“慕景栩,你还要这样多久?”凤行雨说,“虽然你这样模样顺眼些,但是也该变回来了。”


    “三公子是觉得我先前都看着不顺眼?”


    慕景栩兴致一来,也不介意费些功夫来反唇相讥。


    凤行雨此时噎住了口,不想跟他在一个点上来回反复,恰好已经踏上了纸阶最后一步,却忽然顿住了步子,一道火环似的东西直直掠下,扫过了众人。


    裴容知道这是冲着他来的,倒是也不在意,倒是慕景栩转眼就往他身上罩上了护体屏界,声音又平静又冷淡:“三公子这是做什么?”


    这时梓泱彻底傻眼,还以为两人莫名其妙要打起来了。


    “验明身份而已。”凤行雨面上敛笑,不过天生稚气脸,如何都凶恶不起来,“你就这么确定他是裴容?”


    慕景栩毫不迟疑:“确定。”


    裴容觉得气氛忽然有些沉重,便伸手探了探屏界,心想徒弟这长进得不少,能这么短时间就结出一个不容易揭开的屏界。


    于是他道:“不知道三公子验出来了没?”


    那火环似的东西成了凤行雨一指上绕着的一条金线。


    裴容知道那是他的独门武器,名为“弦月”,可千变万化,驱邪抽魂等等都能胜任,用处颇多。


    凤行雨心下也纳闷,只知道这的确是狐修,但不能说他是剑仙,也不能说他不是。


    弦月从来没出现过模棱两可的时候,这是一次例外。


    “罢了,就当你是吧。”


    三公子委曲求全似的说,然后开了真正通往凤霞宗的大门,放人进去了。


    ——


    凤霞宗女弟子较多,新收的大多也是仰慕宗主凤天毓风仪而来。裴容犹记当年凤霞宗宗主之比,凤凰业火烧红了整片白云天,凤天毓和凤天姝乃是同胞姊妹,打得不分上下,最终是凤天毓略胜一筹。


    随后朵朵业火化作漫天碎光,垂临凤霞山夜幕,堪称修界一大奇景。


    只是二人并肩之时,在此后就难以见到了。


    凤行雨捧着虚尘镜匆匆去找凤天毓,梓泱随管事弟子游览凤霞宗。


    慕景栩从化形中恢复过来,侧卧在榻上说:“师尊可是说好了要奖励我的。”


    平常用过化形的修士刚还原之时都会多少欠点血色,这厮倒好,不仅气色甚好,好得还有些神采飞扬。
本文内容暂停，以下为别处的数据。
Lemma wmax_ge_l a b : wle a (wmax a b).
Proof. unfold wmax, dec. destruct excluded_middle_informative; [left | right]; auto. Qed.

Lemma wmax_ge_r a b : wle b (wmax a b).
Proof. unfold wmax, dec. destruct excluded_middle_informative; [right; auto | apply wnlt_le; auto]. Qed.

Lemma wle_least (Q : Om -> Prop) : (exists w, Q w) -> exists m, Q m /\ forall w, Q w -> wle m w.
Proof.
  intros [w0 hw0]. apply NNPP. intros hn. revert hw0. pattern w0.
  apply (well_founded_ind (wlt_wf Om)). intros w IH hw. apply hn. exists w. split; [exact hw|].
  intros w' hw'. apply wnlt_le. intros hl. exact (IH w' hl hw').
Qed.

Lemma wsup (P : Om -> Prop) u : (forall x, P x -> wle x u) ->
  exists s, (forall x, P x -> wle x s) /\ forall a, wlt a s -> exists x, P x /\ wlt a x.
Proof.
  intros hu. destruct (wle_least (fun s => forall x, P x -> wle x s)) as [s [hs hmin]]; [eauto|].
  exists s. split; [exact hs|]. intros a ha. apply NNPP. intros hn.
  apply (@wle_nlt s a); [|exact ha]. apply hmin. intros x hx.
  apply wnlt_le. intros h. apply hn. eauto.
Qed.

Lemma club_sup {X : Om -> Prop} (P : Om -> Prop) u : club X ->
  (exists x, P x) -> (forall x, P x -> X x) -> (forall x, P x -> exists y, P y /\ wlt x y) ->
  (forall x, P x -> wle x u) ->
  exists s, X s /\ (forall x, P x -> wlt x s) /\ forall a, wlt a s -> exists x, P x /\ wlt a x.
Proof.
  intros hX [x0 hx0] hPX hnomax hu. destruct (wsup P u hu) as [s [hs hcof]].
  assert (hlt : forall x, P x -> wlt x s).
  { intros x hx. destruct (hnomax x hx) as [y [hy hxy]]. exact (wlt_le_trans hxy (hs y hy)). }
  exists s. split; [|split; assumption]. apply (proj2 hX). split.
  - intros e. apply (wzero_least _ x0). rewrite <- e. exact (hlt x0 hx0).
  - intros a ha. destruct (hcof a ha) as [x [hx hax]]. exists x. auto.
Qed.

End WellOrder.

Section Terms.
Context {Om : Omega1}.
Implicit Types a b c u : Om.
Implicit Types x y z : @T Om.

Lemma star_ge {x a} : In a (Cset x) -> wle a (star x).
Proof.
  unfold star. induction (Cset x) as [|d l IH]; simpl; [tauto|]. intros [<-|h].
  - apply wmax_ge_l.
  - destruct (IH h) as [h1|<-]; [left; exact (wlt_le_trans h1 (wmax_ge_r _ _)) | apply wmax_ge_r].
Qed.

Lemma star_le x u : (forall a, In a (Cset x) -> wle a u) -> wle (star x) u.
Proof.
  unfold star. induction (Cset x) as [|d l IH]; simpl; intros h; [apply wle_zero_l|].
  destruct (wmax_cases d (fold_right wmax wzero l)) as [e|e]; rewrite e; auto.
Qed.

Definition emb c : @T Om := tmul Tz c.

Lemma emb_zero : emb wzero = Tz.
Proof. unfold emb, tmul, dec. destruct excluded_middle_informative; congruence. Qed.

Lemma emb_neq_zero {b} : b <> wzero -> emb b = Tp Tz b Tz.
Proof. intros h. unfold emb, tmul, dec. destruct excluded_middle_informative; congruence. Qed.

Lemma nf_emb c : nf (emb c).
Proof.
  destruct (classic (c = wzero)) as [->|h]; [rewrite emb_zero; exact I|].
  rewrite (emb_neq_zero h). simpl. tauto.
Qed.

Lemma star_emb c : star (emb c) = c.
Proof.
  apply wle_antisym.
  - apply star_le. destruct (classic (c = wzero)) as [->|h].
    + rewrite emb_zero. intros a [<-|[]]. right; reflexivity.
    + rewrite (emb_neq_zero h). simpl. intros a [<-|[<-|[<-|[]]]]; (apply wle_zero_l || (right; reflexivity)).
  - destruct (classic (c = wzero)) as [->|h]; [apply wle_zero_l|].
    apply star_ge. rewrite (emb_neq_zero h). simpl. auto.
Qed.

Lemma below_Omega_nf_emb {z} : nf z -> below_Omega z -> exists c, z = emb c.
Proof.
  destruct z as [|x b y]; [exists wzero; exact (eq_sym emb_zero)|].
  simpl. intros [_ [hb [_ hy]]] ->. exists b. rewrite (emb_neq_zero hb).
  destruct y as [|x' b' y']; [reflexivity|]. destruct x'; contradiction.
Qed.

Lemma tlt_trans {x y z} : tlt x y -> tlt y z -> tlt x z.
Proof.
  revert y z. induction x as [|x1 IH1 b x2 IH2]; intros y z h1 h2;
    destruct y as [|y1 b' y2]; destruct z as [|z1 b'' z2]; simpl in *; auto; try contradiction.
  destruct h1 as [h1|[<- h1]]; destruct h2 as [h2|[<- h2]]; [left; eauto | left; exact h1 | left; exact h2|].
  right; split; [reflexivity|].
  destruct h1 as [h1|[<- h1]]; destruct h2 as [h2|[<- h2]];
    [left; exact (wlt_trans _ _ _ _ h1 h2) | left; exact h1 | left; exact h2 | right; eauto].
Qed.

Lemma tlt_emb {c d} : wlt c d -> tlt (emb c) (emb d).
Proof.
  intros h. assert (hd : d <> wzero) by (intros ->; exact (wzero_least _ _ h)).
  rewrite (emb_neq_zero hd). destruct (classic (c = wzero)) as [->|hc].
  - rewrite emb_zero. exact I.
  - rewrite (emb_neq_zero hc). simpl. auto.
Qed.

Lemma tlt_emb_r {z b} : nf z -> tlt z (emb b) -> exists c, z = emb c /\ wlt c b.
Proof.
  intros hz hl. destruct (classic (b = wzero)) as [->|hb].
  { rewrite emb_zero in hl. destruct z; contradiction. }
  rewrite (emb_neq_zero hb) in hl.
  destruct z as [|z1 b' z2]; [exists wzero; split; [exact (eq_sym emb_zero) | apply wlt_zero_l, hb]|].
  destruct hl as [hl|[-> [hl|[-> hl]]]]; [destruct z1; contradiction | | destruct z2; contradiction].
  destruct hz as [_ [hb' [_ hz2]]]. destruct z2 as [|x b2 y]; [|destruct x; contradiction].
  exists b'. split; [exact (eq_sym (emb_neq_zero hb')) | exact hl].
Qed.

Lemma tlt_emb_not_below {x} c : ~ below_Omega x -> tlt (emb c) x.
Proof.
  destruct x as [|x1 b x2]; simpl; [tauto|]. intros hx1.
  destruct (classic (c = wzero)) as [->|hc]; [rewrite emb_zero; exact I|].
  rewrite (emb_neq_zero hc). left. destruct x1; [contradiction | exact I].
Qed.

Lemma star_Omn n : wle (star (@Omn Om n)) wone.
Proof.
  apply star_le. induction n as [|n IH]; simpl.
  - intros a [<-|[<-|[<-|[]]]]; (apply wle_zero_l || (right; reflexivity)).
  - intros a h. apply in_app_or in h. destruct h as [h|[<-|[<-|[]]]]; auto; [apply wle_zero_l | right; reflexivity].
Qed.

Lemma nf_Omn n : nf (@Omn Om n).
Proof. induction n; simpl; repeat split; auto; apply wsucc_neq_zero. Qed.

Definition tlt_nf z x : Prop := nf z /\ tlt z x.

Lemma tlt_nf_Acc_Tz : Acc tlt_nf Tz.
Proof. constructor. intros z [_ h]. destruct z; contradiction. Qed.

Lemma tlt_nf_Acc_Tp x : Acc tlt_nf x -> forall b y, nf (Tp x b y) -> Acc tlt_nf (Tp x b y).
Proof.
  induction 1 as [x _ IHx]. intros b. pattern b. apply (well_founded_ind (wlt_wf Om)).
  clear b. intros b IHb y hn.
  assert (hy : Acc tlt_nf y).
  { destruct y as [|x2 b2 y2]; [exact tlt_nf_Acc_Tz|].
    destruct hn as [_ [_ [hy hl]]]. apply IHx; [split; [apply hy | exact hl] | exact hy]. }
  revert hn. induction hy as [y _ IHy]. intros hn. constructor. intros z [hz hl].
  destruct z as [|x' b' y']; [exact tlt_nf_Acc_Tz|].
  destruct hl as [hl|[-> [hl|[-> hl]]]].
  - apply IHx; [split; [apply hz | exact hl] | exact hz].
  - apply IHb; assumption.
  - apply IHy; [split; [apply hz | exact hl] | exact hz].
Qed.

Lemma tlt_nf_wf : well_founded tlt_nf.
Proof.
  assert (H : forall x, nf x -> Acc tlt_nf x).
  { induction x as [|x IHx b y _]; intros hx; [exact tlt_nf_Acc_Tz|].
    apply tlt_nf_Acc_Tp; [apply IHx, hx | exact hx]. }
  intros x. constructor. intros z [hz _]. exact (H z hz).
Qed.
    裴容内心虽然嘀咕,总归还是喜的:“好,那你想要什么?”


    “暂时没想好,如今攒上了两次,师尊先好生记得。”


    “口气不小,往后我也可不认的。”


    慕景栩听罢,忽地沉默了一瞬,也不再侧卧,搁下了手平躺下去,随意地枕起了脑袋,不过面色却有些不太好看了。


    裴容见有些不对劲,于是问:“怎么了?”


    “有点闷。”


    慕景栩抬起一只手抚了下胸口喘气,面色着实有些惨白。


    裴容见他不像是装的,立马收起了戏谑的心思,眉峰忧色一聚,就是个浅浅的“川”字,一手搭上慕景栩脑袋,真是要仔细诊治的模样。


    谁知慕景栩眨眼间就成了个没事人,一下子起身冲着他耳朵吹气,笑道:“我也想叫师尊‘容容’。”


    裴容腰间玉佩一颤,他有点恼,却是松下一口气,望着慕景栩说:“这可不行。”


    慕景栩也知道他会这么说,就绕回原话:“那师尊还是要记上两笔,来日可是要还个大的。”


    裴容颇有些敷衍地应了,然后道:“行了,好生歇息吧。化形也会损耗不少灵力。”


    他此时又想起了凤行雨所言,便问慕景栩:“你怎么那么笃定师尊就是师尊呢?”


    “就算全天下的人都识不得师尊,我也不会的。”


    慕景栩轻声答,但裴容从他的话中体味到了“真切”二字。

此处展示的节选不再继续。